Would it be considered the same as disobeying Muhammad himself? Assuming the caliph was fulfilling his duties.

Or are there grounds to disobey proclamations by either?

Any help or insight with this is much appreciated.

  • 1
    There's no punishment. The caliph isn't a supreme ruler but a servant of the people.
    – Sayyid
    Commented Feb 7, 2016 at 15:53

1 Answer 1


The only verse I know of is this:

"O you who have believed, obey Allah and obey the Messenger and those in authority among you. And if you disagree over anything, refer it to Allah and the Messenger, if you should believe in Allah and the Last Day. That is the best [way] and best in result." (Quran: 4:59)

As you can see, it does not really mention a Caliph, per se, so it could also work for president, government, your parents.

It is worth noting that in the tafseer, this one for example, obedience is not systematic: you only obey them if they ask you what is already asked of you (which seems to make the verse redundant (in that it says "obey Allah and his messenger, and obey all those who ask you to obey the first too").

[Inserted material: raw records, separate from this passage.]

Lemma expect_one_pow_sum_3 e : handshake e ->
  expect 1 e (pow_sum 3) = (pow_sum 3 e + 2)
    + (3 / 2 * (pow_sum 2 e + pow_sum 3 e)) / (INR (length e) - 1).
Proof.
  intros He. pose proof (handshake_length e He).
  rewrite (expect_one_quadratic e _ (pow_sum 3 e + 2) 3 3 He).
  - field. lra.
  - intros i Hi. rewrite pow_sum_attach by exact Hi. ring.
Qed.

Lemma expect_one_pow_sum_2_sq e : handshake e ->
  expect 1 e (fun e => pow_sum 2 e ^ 2) = (pow_sum 2 e ^ 2 + 4 * pow_sum 2 e + 4)
    + (2 * pow_sum 2 e ^ 2 + 4 * pow_sum 2 e + 2 * pow_sum 3 e) / (INR (length e) - 1).
Proof.
  intros He. pose proof (handshake_length e He).
  rewrite (expect_one_quadratic e _ ((pow_sum 2 e + 2) ^ 2) (4 * (pow_sum 2 e + 2)) 4 He).
  - field. lra.
  - intros i Hi. rewrite pow_sum_attach by exact Hi. ring.
Qed.

Lemma expect_pow_sum_2 k : expect k T2 (pow_sum 2) = 2 * (INR k + 1) * harmonic (S k).
Proof.
  induction k as [|k IH].
  - unfold pow_sum, lsum, harmonic. simpl. lra.
  - rewrite (expect_S_drift k _ (pow_sum 2) (fun e => pow_sum 2 e + 2))
      by exact expect_one_pow_sum_2.
    rewrite expect_plus, expect_const, IH by exact handshake_T2.
    rewrite (harmonic_S (S k)), !S_INR. pose proof (pos_INR k). field. lra.
Qed.

(* [kappa k = 24 Gamma(k + 5/2) / (Gamma(5/2) k!)], of order [k^(3/2)]. *)
Fixpoint kappa (k : nat) : R :=
  match k with
  | O => 24
  | S j => kappa j * (2 * INR j + 5) / (2 * INR j + 2)
  end.

Lemma expect_pow_sum_3 k :
  expect k T2 (pow_sum 3) = kappa k - 6 * (INR k + 1) * harmonic (S k) - 16 * (INR k + 1).
Proof.
  induction k as [|k IH].
  - unfold pow_sum, lsum, harmonic. simpl. lra.
  - rewrite (expect_S_drift k _ (fun e => 3 / 2 * (pow_sum 2 e + pow_sum 3 e))
      (fun e => pow_sum 3 e + 2)) by exact expect_one_pow_sum_3.
    rewrite expect_scal, !expect_plus, expect_const, IH, expect_pow_sum_2 by exact handshake_T2.
    rewrite (harmonic_S (S k)). cbn [kappa]. rewrite !S_INR. pose proof (pos_INR k). field. lra.
Qed.

Lemma expect_pow_sum_2_sq k :
  expect k T2 (fun e => pow_sum 2 e ^ 2)
  = (INR k + 2) * (INR k + 1)
      * (16 + 4 * harmonic (S (S k)) ^ 2 - 4 * harmonic2 (S (S k))
         + 12 * harmonic (S (S k)) / (INR k + 2) - 12 / (INR k + 2) ^ 2 + 48 / (INR k + 2))
    - 4 * kappa k.
Proof.
  induction k as [|k IH].
  - unfold pow_sum, lsum, harmonic, harmonic2. simpl. field.
  - rewrite (expect_S_drift k _
      (fun e => 2 * pow_sum 2 e ^ 2 + 4 * pow_sum 2 e + 2 * pow_sum 3 e)
      (fun e => pow_sum 2 e ^ 2 + 4 * pow_sum 2 e + 4)) by exact expect_one_pow_sum_2_sq.
    rewrite !expect_plus, !expect_scal, expect_const, IH, expect_pow_sum_2, expect_pow_sum_3
      by exact handshake_T2.
    rewrite (harmonic_S (S (S k))), (harmonic2_S (S (S k))), (harmonic_S (S k)).
    cbn [kappa]. rewrite !S_INR. pose proof (pos_INR k). field. lra.
Qed.
Lemma in_Hf_of_linear_collineation kappa A : A \in unitmx ->
  collineation q a kappa -> (forall v, kappa v = v *m A + kappa 0) -> in_Hf q a A.
Proof.
move=> Aunit coll kappaE.
have [W [[[v _ WE] _]|[h h0 WE]] UfA] := collineation_image_Uf coll kappaE.
  by case/eqP: (Uf_mulmx_not_span v Aunit); rewrite UfA.
exists h, (h^-1 *: A); split => //; last by rewrite scalerA mulfV // scale1r.
split; first by rewrite unitmxZ // unitfE invr_eq0.
have -> : [set x *m (h^-1 *: A) | x in Uf q a] = [set h^-1 *: y | y in W].
  by rewrite -UfA -[RHS]imset_comp; apply: eq_imset => x /=; rewrite scalemxAr.
rewrite WE -[LHS]imset_comp -[RHS]imset_id; apply: eq_imset => x /=.
by rewrite scalerA mulVf // scale1r.
Qed.

End ScatteredPlane.

Theorem proposition5p2 (L : finFieldType) (p e n : nat) (a : 'I_n -> L)
  (hp : prime p) (he : (0 < e)%N) (hcard : #|L| = ((p ^ e) ^ n)%N)
  (hq : (3 < p ^ e)%N) (hn : (2 < n)%N)
  (hscat : scattered (p ^ e) a)
  (kappa : 'rV[L]_2 -> 'rV[L]_2)
  (hkappa : affine_central_collineation (p ^ e) a kappa)
  (k : nat) (A : 'M[L]_2)
  (hk : (k < n * e)%N) (hA : A \in unitmx)
  (hlam : forall x y : L,
      kappa (vec2 x y) = vec2 (x ^+ (p ^ k)) (y ^+ (p ^ k)) *m A + kappa 0) :
  (forall x : L, x ^+ (p ^ k) = x) /\ in_Hf (p ^ e) a A.
Proof.
have q_gt1 : (1 < p ^ e)%N by apply: ltn_trans hq.
have kappaE v : kappa v = semilinear_map (p ^ k) A v + kappa 0.
  by rewrite -{1}(vec2E v) hlam -(map_vec2 (fun x => x ^+ (p ^ k))) vec2E.
have frob_id := affine_central_frobenius_trivial hp hcard q_gt1 hn hscat hkappa kappaE.
split=> //; case: hkappa => coll _ _.
apply: (in_Hf_of_linear_collineation hp hcard q_gt1 hn hscat hA coll) => v.
rewrite kappaE /semilinear_map; congr (_ *m _ + _).
by apply/rowP => j; rewrite mxE frob_id.
Qed.
Lemma dir_normal_PhiOS (x y ux uy xi z : 'rV[R]_(n1 + n2)) :
  dir_normal (gph (PhiOS Omega S)) (row_mx x y) (row_mx ux uy) (row_mx xi z) ->
  [/\ dir_normal Omega (lsubmx y + lsubmx x) (lsubmx uy + lsubmx ux) (lsubmx z),
      dir_normal (gph S) (row_mx (lsubmx x) (rsubmx y + rsubmx x))
        (row_mx (lsubmx ux) (rsubmx uy + rsubmx ux))
        (row_mx (lsubmx xi - lsubmx z) (rsubmx z)) &
      rsubmx xi = rsubmx z].
Proof.
move=> [t [w [nu [t0 t_to0 w_to nu_to Nk]]]].
have Nk' k := @reg_normal_PhiOS (x + t k *: lsubmx (w k)) (y + t k *: rsubmx (w k))
  (lsubmx (nu k)) (rsubmx (nu k)).
have {Nk Nk'} N k := Nk' k ltac:(by rewrite !hsubmxK -add_row_mx -scale_row_mx hsubmxK).
have := seq_cvg_lsub w_to; rewrite row_mxKl => wl_to.
have := seq_cvg_rsub w_to; rewrite row_mxKr => wr_to.
have := seq_cvg_lsub nu_to; rewrite row_mxKl => nul_to.
have := seq_cvg_rsub nu_to; rewrite row_mxKr => nur_to.
split.
- exists t, (fun k => lsubmx (rsubmx (w k)) + lsubmx (lsubmx (w k))),
    (fun k => lsubmx (rsubmx (nu k))); split => //.
  + exact: seq_cvgD (seq_cvg_lsub wr_to) (seq_cvg_lsub wl_to).
  + exact: seq_cvg_lsub nur_to.
  + move=> k /=; have [+ _ _] := N k.
    by rewrite !linearD !linearZ /= addrACA.
- exists t, (fun k => row_mx (lsubmx (lsubmx (w k)))
                             (rsubmx (rsubmx (w k)) + rsubmx (lsubmx (w k)))),
    (fun k => row_mx (lsubmx (lsubmx (nu k)) - lsubmx (rsubmx (nu k)))
                     (rsubmx (rsubmx (nu k)))); split => //.
  + exact: seq_cvg_row (seq_cvg_lsub wl_to)
             (seq_cvgD (seq_cvg_rsub wr_to) (seq_cvg_rsub wl_to)).
  + exact: seq_cvg_row (seq_cvgB (seq_cvg_lsub nul_to) (seq_cvg_lsub nur_to))
             (seq_cvg_rsub nur_to).
  + move=> k /=; have [_ + _] := N k.
    by rewrite !linearD !linearZ /= scale_row_mx add_row_mx addrACA scalerDr.
- apply: seq_cvg_uniq (seq_cvg_rsub nul_to) _.
  by apply: seq_cvg_ext (seq_cvg_rsub nur_to) => k; have [_ _ ->] := N k.
Qed.
(* Let $1\to N\to G\xrightarrow{q}Q\to 1$ be a short exact sequence of groups, let $S$ be a generating set of $G$ and let $\mathcal{P}$ be a family of proper subgroups of $G$ such that every $P\in\mathcal{P}$ either contains $N$ or contains $S\setminus N$. Then $$\operatorname{CC}(G,\mathcal{P})\simeq\operatorname{CC}(Q,\overline{\mathcal{P}})\ast\operatorname{CC}(N,\mathcal{P}\cap N),$$ where $\overline{\mathcal{P}}=\{q(P): P\in\mathcal{P},\ N\subseteq P\}$ and $\mathcal{P}\cap N=\{P\cap N: P\in\mathcal{P},\ S\setminus N\subseteq P\}$.
   Context: For a group $G$ and a family $\mathcal{K}$ of subgroups, the coset complex $\operatorname{CC}(G,\mathcal{K})$ is the simplicial complex whose vertices are the cosets $gK$ ($g\in G$, $K\in\mathcal{K}$; cosets of different members of $\mathcal{K}$ are different vertices) and where a finite set of vertices spans a simplex iff the cosets have nonempty common intersection. Homotopy equivalence and the join $\ast$ refer to geometric realisations. *)

From HB Require Import structures.
From Stdlib Require Import List.
From mathcomp Require Import all_boot all_order all_algebra.
From mathcomp Require Import boolp classical_sets cardinality reals Rstruct.
Set Implicit Arguments. Unset Strict Implicit. Unset Printing Implicit Defensive.
Import Order.TTheory GRing.Theory Num.Theory.

Local Open Scope classical_set_scope.

Definition is_subgroup (G : groupType) (H : set G) : Prop :=
  H 1%g /\ (forall x y, H x -> H y -> H (x * y^-1)%g).

Definition generates (G : groupType) (S : set G) : Prop :=
  forall H : set G, is_subgroup H -> S `<=` H -> H = setT.

Definition kernel (G Q : groupType) (q : G -> Q) : set G := [set g | q g = 1%g].

Definition lcoset (G : groupType) (g : G) (K : set G) : set G :=
  [set (g * k)%g | k in K].

Definition complex (V : Type) := set (set V).

Definition coset_complex (G : groupType) (H : set G) (F : set (set G))
  : complex (set G) :=
  [set S | finite_set S /\ S !=set0 /\
     (forall C, S C -> exists h K, [/\ H h, F K & C = lcoset h K]) /\
     exists x, forall C, S C -> C x].

(* Simplicial join on the disjoint union of the vertex sets; its geometric
   realisation is (homeomorphic to) the join of the realisations. *)
Definition sjoin (V W : Type) (K : complex V) (L : complex W) : complex (V + W) :=
  [set S | (K (inl @^-1` S) \/ inl @^-1` S = set0) /\
           (L (inr @^-1` S) \/ inr @^-1` S = set0)].

Local Open Scope ring_scope.
Local Notation R := Rdefinitions.R.

Definition supp (V : Type) (x : V -> R) : set V := [set v | x v != 0].

(* points of |K|: barycentric coordinates, finitely supported on a simplex *)
Definition in_real (V : Type) (K : complex V) (x : V -> R) : Prop :=
  (forall v, 0 <= x v) /\ K (supp x) /\
  exists s : list V, NoDup s /\ (forall v, supp x v <-> In v s) /\
     fold_right (fun v acc => x v + acc) 0 s = 1.

Definition cell (V : Type) (K : complex V) (sigma : set V) : set (V -> R) :=
  [set x | in_real K x /\ supp x `<=` sigma].

Definition weak_open (V : Type) (K : complex V) (O : set (V -> R)) : Prop :=
  forall sigma, K sigma -> forall x, cell K sigma x -> O x ->
    exists2 e : R, 0 < e & forall y, cell K sigma y ->
      (forall v, `|x v - y v| < e) -> O y.

Definition in_unit (t : R) : Prop := 0 <= t <= 1.

Definition unit_open (A : set R) : Prop :=
  forall t, in_unit t -> A t -> exists2 e : R, 0 < e &
    forall s, in_unit s -> `|t - s| < e -> A s.

Definition prod_open (V : Type) (K : complex V) (W : set (R * (V -> R))) : Prop :=
  forall t x, in_unit t -> in_real K x -> W (t, x) ->
    exists A B, [/\ unit_open A, weak_open K B, A t, B x &
      forall s y, in_unit s -> in_real K y -> A s -> B y -> W (s, y)].

Definition real_map (V W : Type) (K : complex V) (L : complex W)
  (f : (V -> R) -> (W -> R)) : Prop :=
  (forall x, in_real K x -> in_real L (f x)) /\
  (forall O, weak_open L O -> weak_open K (f @^-1` O)).
(* The proof computes [T] on the test functions [delta q e] (equal to [e] at
   [q], +oo elsewhere).  Since [phi q <= e] iff [phi <= delta q e], the values
   of [T] on these deltas determine [T phi] pointwise ([T_value_from_delta]).
   The tools are: the linear functions [ray_lin q k lam] on the ray R_+ q
   (positively homogeneous, hence fixed by [T]), the constants, and the fact
   that images lying above [T (delta q e)] come from functions supported at
   [q], hence form a chain ([above_delta_comparable]).  For [q <> 0],
   comparing suitable sums of images along the ray shows that
   [T (delta q e) = delta (r q) (r e)] ([T_delta_form]); comparison with the
   constant [-1], whose image is the constant [- scale], gives [r = scale]
   ([delta_rate_is_scale]).  The origin is handled last, by convexity of the
   images of constants ([T_const_origin]).  The theorem follows with
   [C = 1 / scale]. *)

Definition dec (P : Prop) : {P} + {~ P} := excluded_middle_informative P.

Definition vzero {n} : vec n := fun _ => 0.

Lemma vec_ext {n} (x y : vec n) : (forall i, x i = y i) -> x = y.
Proof. intro h; apply functional_extensionality; exact h. Qed.

Lemma vec_neq {n} (x y : vec n) : x <> y -> exists i, x i <> y i.
Proof.
  intro h. apply NNPP. intro hall. apply h, vec_ext. intro i.
  apply NNPP. intro hi. apply hall. now exists i.
Qed.

Lemma vscal_nonzero {n} (w : vec n) s : w <> vzero -> s <> 0 -> vscal s w <> vzero.
Proof.
  intros hw hs h. apply hw, vec_ext. intro i.
  assert (hi := f_equal (fun f => f i) h). unfold vscal, vzero in *. simpl in hi.
  apply Rmult_integral in hi. destruct hi; [contradiction|auto].
Qed.

Lemma exists_nonzero_vec n : (1 <= n)%nat -> exists w : vec n, w <> vzero.
Proof.
  intro hn. destruct n as [|m]; [lia|].
  exists (fun _ => 1). intro h. assert (h1 := f_equal (fun f => f Fin.F1) h).
  unfold vzero in h1. simpl in h1. lra.
Qed.

Lemma vscal_inv {n} (x : vec n) r : 0 < r -> vscal r (vscal (/ r) x) = x.
Proof. intro h. apply vec_ext; intro i. unfold vscal. field. lra. Qed.

Lemma vec_bound n (v : vec n) : exists M, 0 < M /\ forall i, Rabs (v i) <= M.
Proof.
  induction n as [|n IH].
  - exists 1. split; [lra|]. intro i. apply (Fin.case0 (fun i => Rabs (v i) <= 1)).
  - destruct (IH (fun i => v (Fin.FS i))) as [M [hM hM2]].
    pose proof (Rabs_pos (v Fin.F1)).
    exists (M + Rabs (v Fin.F1)). split; [lra|].
    intro i. apply (Fin.caseS' i (fun i => Rabs (v i) <= M + Rabs (v Fin.F1))).
    + lra.
    + intro p. specialize (hM2 p). simpl in hM2. lra.
Qed.

Lemma mul_uniform_cont (a eps : R) : 0 < eps -> exists d, 0 < d /\
  forall u v, Rabs (u - v) < d -> Rabs (a * u - a * v) < eps.
Proof.
  intro he. pose proof (Rabs_pos a). exists (eps / (Rabs a + 1)). split.
  - apply Rdiv_lt_0_compat; lra.
  - intros u v h. replace (a * u - a * v) with (a * (u - v)) by ring.
    rewrite Rabs_mult. pose proof (Rabs_pos (u - v)).
    apply Rle_lt_trans with (Rabs a * (eps / (Rabs a + 1))).
    + apply Rmult_le_compat_l; lra.
    + unfold Rdiv. rewrite <- Rmult_assoc.
      apply Rmult_lt_reg_r with (Rabs a + 1); [lra|].
      rewrite Rmult_assoc, Rinv_l by lra. nra.
Qed.

Lemma ele_top a : ele a None.
Proof. destruct a; simpl; auto. Qed.

Lemma eadd_top_r a : eadd a None = None.
Proof. destruct a; reflexivity. Qed.

Lemma ele_top_inv b : ele None b -> b = None.
Proof. destruct b; simpl; tauto. Qed.

Lemma fle_ext {n} (f f' g g' : vec n -> ext) :
  (forall x, f x = f' x) -> (forall x, g x = g' x) -> fle f g -> fle f' g'.
Proof. intros e1 e2 h x. rewrite <- e1, <- e2. apply h. Qed.

Lemma escal_char (u w : ext) (r : R) : 0 < r ->
  (forall e, ele w (Some e) <-> ele u (Some (r * e))) -> u = escal r w.
Proof.
  intros hr h. destruct w as [b|].
  - pose proof (proj1 (h b) (Rle_refl b)) as hub.
    destruct u as [c|]; [|contradiction]. simpl in *.
    pose proof (proj2 (h (c / r))) as hcb. simpl in hcb.
    replace (r * (c / r)) with c in hcb by (field; lra).
    specialize (hcb (Rle_refl c)).
    f_equal. apply Rle_antisym; auto.
    apply Rmult_le_reg_r with (/ r); [apply Rinv_0_lt_compat; lra|].
    replace (r * b * / r) with b by (field; lra). exact hcb.
  - destruct u as [c|]; simpl; auto. exfalso.
    apply (proj2 (h (c / r))). simpl.
    replace (r * (c / r)) with c by (field; lra). lra.
Qed.

(* A convex function bounded above by 0 cannot increase: extrapolating the
   segment from [x] through [y] beyond [y] would exceed the bound. *)
Lemma convex_bounded_le {n} (f : vec n -> ext) x y vx vy : convex f ->
  (forall z, ele (f z) (Some 0)) -> f x = Some vx -> f y = Some vy -> vy <= vx.
Proof.
  intros hc hb hx hy. destruct (Rle_or_lt vy vx) as [h|h]; auto. exfalso.
  set (d := vy - vx). assert (hd : 0 < d) by (unfold d; lra).
  assert (hvy : vy <= 0) by (specialize (hb y); rewrite hy in hb; exact hb).
  set (t := (1 - vy) / d). assert (ht : 0 < t) by (unfold t; apply Rdiv_lt_0_compat; lra).
  set (z := vadd (vscal (1 + t) y) (vscal (- t) x)).
  set (L := / (1 + t)).
  assert (hL : 0 < L < 1).
  { unfold L. split; [apply Rinv_0_lt_compat; lra|].
    rewrite <- Rinv_1. apply Rinv_lt_contravar; lra. }
  specialize (hc z x L hL).
  assert (e : vadd (vscal L z) (vscal (1 - L) x) = y).
  { apply vec_ext; intro i. unfold z, L, vadd, vscal. field. lra. }
  rewrite e, hy, hx in hc.
  pose proof (hb z) as hz. destruct (f z) as [vz|]; [|contradiction].
  simpl in hc, hz.
  assert (e2 : 1 - L = t * L) by (unfold L; field; lra).
  rewrite e2 in hc.
  assert (vy * (1 + t) <= t * vx).
  { apply Rmult_le_reg_r with L; [lra|].
    replace (vy * (1 + t) * L) with vy by (unfold L; field; lra). nra. }
  assert (t * d = 1 - vy) by (unfold t; field; lra).
  unfold d in *. nra.
Qed.

Lemma convex_bounded_const {n} (f : vec n -> ext) : convex f ->
  (forall z, ele (f z) (Some 0)) -> forall x y, f x = f y.
Proof.
  intros hc hb x y.
  pose proof (hb x) as hx. pose proof (hb y) as hy.
  destruct (f x) as [vx|] eqn:ex; [|contradiction].
  destruct (f y) as [vy|] eqn:ey; [|contradiction].
  f_equal. apply Rle_antisym; eapply convex_bounded_le; eauto.
Qed.
(* Let $k$ be an algebraically closed field of characteristic zero, $n\ge1$, $q\in k$ a primitive $2n$-th root of unity, $a\in k\setminus\{0\}$. Let $\mathfrak wH_{4n}$ be the weak Hopf algebra generated by $Z,X$ with $Z^{2n+1}=Z$, $ZX=qXZ$, $X^2=0$, $\Delta(Z)=Z\otimes Z+a(1-q^{-2})Z^{n+1}X\otimes ZX$, $\Delta(X)=X\otimes 1+Z^n\otimes X$, $\epsilon(Z)=1$, $\epsilon(X)=0$, $T(Z)=Z^{2n-1}$, $T(X)=-Z^nX$. Let $H_{4n}$ be the Hopf algebra generated by $z,x$ with $z^{2n}=1$, $zx=qxz$, $x^2=0$, $\Delta(z)=z\otimes z+a(1-q^{-2})z^{n+1}x\otimes zx$, $\Delta(x)=x\otimes 1+z^n\otimes x$, $\epsilon(z)=1$, $\epsilon(x)=0$, $S(z)=z^{-1}$, $S(x)=-z^nx$. Let $J=Z^{2n}$, $\mathfrak w_1=\mathfrak wH_{4n}J$ and $\mathfrak w_2=\mathfrak wH_{4n}(1-J)$. Then $\mathfrak wH_{4n}=\mathfrak w_1\oplus\mathfrak w_2$ as a direct sum of two-sided ideals; moreover $\mathfrak w_1$ (with unit $J$, and with the comultiplication and counit restricted from $\mathfrak wH_{4n}$ and antipode $Z\mapsto Z^{2n-1}$, $XJ\mapsto -Z^nXJ$) is isomorphic to $H_{4n}$ as Hopf algebras, and $\mathfrak w_2\cong k[y]/(y^2)$ as algebras. *)

From HB Require Import structures.
From mathcomp Require Import all_boot all_order all_algebra.
Set Implicit Arguments. Unset Strict Implicit. Unset Printing Implicit Defensive.
Import Order.TTheory GRing.Theory Num.Theory.
Local Open Scope ring_scope.

Notation vect k I := {ffun I -> k^o}.
Section StructConst.
Variable k : fieldType.



Definition linext (I J : finType) (F : I -> vect k J) (f : vect k I) : vect k J :=
  \sum_(i : I) f i *: F i.

Definition bilin (I : finType) (m : I -> I -> vect k I) (f g : vect k I) : vect k I :=
  \sum_(i : I) \sum_(j : I) (f i * g j) *: m i j.

(* elementary tensor f (x) g in V (x) W = functions on I * J *)
Definition tens (I J : finType) (f : vect k I) (g : vect k J) : vect k (I * J) :=
  [ffun p => f p.1 * g p.2].

Definition tmap (I J : finType) (phi : vect k I -> vect k J) (t : vect k (I * I)) :
  vect k (J * J) :=
  \sum_(p : I * I) t p *: tens (phi [ffun i => (i == p.1)%:R])
                                (phi [ffun i => (i == p.2)%:R]).

Variables (I : finType) (m : I -> I -> vect k I) (one : vect k I).

Definition amul := bilin m.
Definition apow (f : vect k I) (e : nat) : vect k I := iter e (amul f) one.

Definition tmul := bilin (fun i j : I * I => tens (m i.1 j.1) (m i.2 j.2)).
Definition tone := tens one one.
Definition tpow (t : vect k (I * I)) (e : nat) : vect k (I * I) := iter e (tmul t) tone.
End StructConst.

(* ---------- the weak Hopf algebra wH_{4n} ----------
   basis: Z^i X^b, 0 <= i <= 2n, b in {0,1}  (Z^0 = 1) *)
Section wH.
Variables (k : fieldType) (n : nat) (q a : k).

Definition WI := ('I_(2 * n).+1 * bool)%type.

(* reduction of exponents of Z using Z^(2n+1) = Z *)
Definition redW (m : nat) : nat := if m == 0%N then 0%N else ((m.-1 %% (2 * n)).+1)%N.

Definition monW (m : nat) (b : bool) : vect k WI :=
  [ffun p : WI => (((p.1 : nat) == redW m) && (p.2 == b))%:R].

(* (Z^i X^b)(Z^j X^c) = q^{-bj} Z^{i+j} X^{b+c}  (using XZ = q^{-1} ZX, X^2 = 0) *)
Definition multW (i j : WI) : vect k WI :=
  if i.2 && j.2 then 0 else (q ^- (i.2 * j.1)%N) *: monW (i.1 + j.1) (i.2 || j.2).

Definition oneW := monW 0 false.
Definition mulW := amul multW.
Definition powW := apow multW oneW.
Definition ZW := monW 1 false.
Definition XW := monW 0 true.
Definition tmulW := tmul multW.
Definition tpowW := tpow multW oneW.

Definition DZW : vect k (WI * WI) :=
  tens ZW ZW + (a * (1 - q ^- 2)) *: tens (mulW (powW ZW n.+1) XW) (mulW ZW XW).
Definition DXW : vect k (WI * WI) := tens XW oneW + tens (powW ZW n) XW.
(* Delta is the algebra map determined by Delta(Z), Delta(X) *)
Definition DeltaW : vect k WI -> vect k (WI * WI) :=
  linext (fun i : WI => tmulW (tpowW DZW i.1) (tpowW DXW i.2)).
(* epsilon is the algebra map with epsilon(Z) = 1, epsilon(X) = 0 *)
Definition epsW (f : vect k WI) : k := \sum_(i : WI) f i * (~~ i.2)%:R.
(* T is the anti-algebra map with T(Z) = Z^(2n-1), T(X) = - Z^n X *)
Definition TZW := powW ZW (2 * n).-1.
Definition TXW := - mulW (powW ZW n) XW.
Definition TW : vect k WI -> vect k WI :=
  linext (fun i : WI => mulW (powW TXW i.2) (powW TZW i.1)).

Definition JW := powW ZW (2 * n).
Definition w1 (v : vect k WI) : Prop := exists w, v = mulW w JW.
Definition w2 (v : vect k WI) : Prop := exists w, v = mulW w (oneW - JW).

Definition is_ideal (P : vect k WI -> Prop) : Prop :=
  [/\ P 0, (forall u v, P u -> P v -> P (u + v)),
      (forall (c : k) v, P v -> P (c *: v)) &
      (forall u v, P v -> P (mulW u v) /\ P (mulW v u))].
End wH.

(* ---------- the Hopf algebra H_{4n} ----------
   basis: z^i x^b, 0 <= i < 2n, b in {0,1} *)
Section H.
Variables (k : fieldType) (n : nat) (q a : k).

Definition HI := ('I_(2 * n) * bool)%type.

(* the monomial z^m x^b, using z^(2n) = 1 *)
Definition monH (m : nat) (b : bool) : vect k HI :=
  [ffun p : HI => (((p.1 : nat) == (m %% (2 * n))%N) && (p.2 == b))%:R].

Definition multH (i j : HI) : vect k HI :=
  if i.2 && j.2 then 0 else (q ^- (i.2 * j.1)%N) *: monH (i.1 + j.1) (i.2 || j.2).

Definition oneH := monH 0 false.
Definition mulH := amul multH.
Definition powH := apow multH oneH.
Definition zH := monH 1 false.
Definition xH := monH 0 true.
Definition tmulH := tmul multH.
Definition tpowH := tpow multH oneH.

Definition DzH : vect k (HI * HI) :=
  tens zH zH + (a * (1 - q ^- 2)) *: tens (mulH (powH zH n.+1) xH) (mulH zH xH).
Definition DxH : vect k (HI * HI) := tens xH oneH + tens (powH zH n) xH.
Definition DeltaH : vect k HI -> vect k (HI * HI) :=
  linext (fun i : HI => tmulH (tpowH DzH i.1) (tpowH DxH i.2)).
Definition epsH (f : vect k HI) : k := \sum_(i : HI) f i * (~~ i.2)%:R.
(* S is the anti-algebra map with S(z) = z^{-1} = z^(2n-1), S(x) = - z^n x *)
Definition SzH := powH zH (2 * n).-1.
Definition SxH := - mulH (powH zH n) xH.
Definition SH : vect k HI -> vect k HI :=
  linext (fun i : HI => mulH (powH SxH i.2) (powH SzH i.1)).
End H.

(* In wH_{4n} the
   relation Z^(2n+1) = Z makes the exponent of Z matter only modulo 2n once it is
   positive, so J = Z^(2n) is a central idempotent and wH_{4n} splits as
   wH_{4n} J (+) wH_{4n} (1 - J).  The linear map z^i x^b |-> Z^(i+2n) X^b = Z^i X^b J
   is a bijection onto wH_{4n} J; the comultiplication, counit and antipode have
   closed forms on monomials in which exponents only matter modulo 2n, so the map
   commutes with all of them.  The complement wH_{4n} (1 - J) has basis 1 - J and
   Y = X (1 - J), with Y^2 = 0, which gives k[y]/(y^2). *)

From HB Require Import structures.
From mathcomp Require Import all_boot all_order all_algebra.
From mathcomp Require Import ring zify.
Set Implicit Arguments. Unset Strict Implicit. Unset Printing Implicit Defensive.
Import GRing.Theory.
Local Open Scope ring_scope.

But if you read the second tafseer, giving the context of this verse, it seems it talks about times of war (as in, obey your military superior) which is evidently necessary to maintain coherence of an army.

But outside of this, I don't think a caliph can order according to his whims and get his wish done. "Clean my car", "kiss my feet", are not, in my opinion, orders that the Quran is asking Muslims to follow simply because they come from a figure of authority. Otherwise, how is that different from slavery ? But if the order is accepted and shared justly amongst all people - "pay taxes", "raise an army", "be hospitable to these guests" - that may be different. I don't think a figure of authority is allowed to single someone out and order him things.

It seems this verse is for battles and hierarchy respect. Other than that, and for what is a matter of religion, Quran and Sunna are what should be followed by Muslims.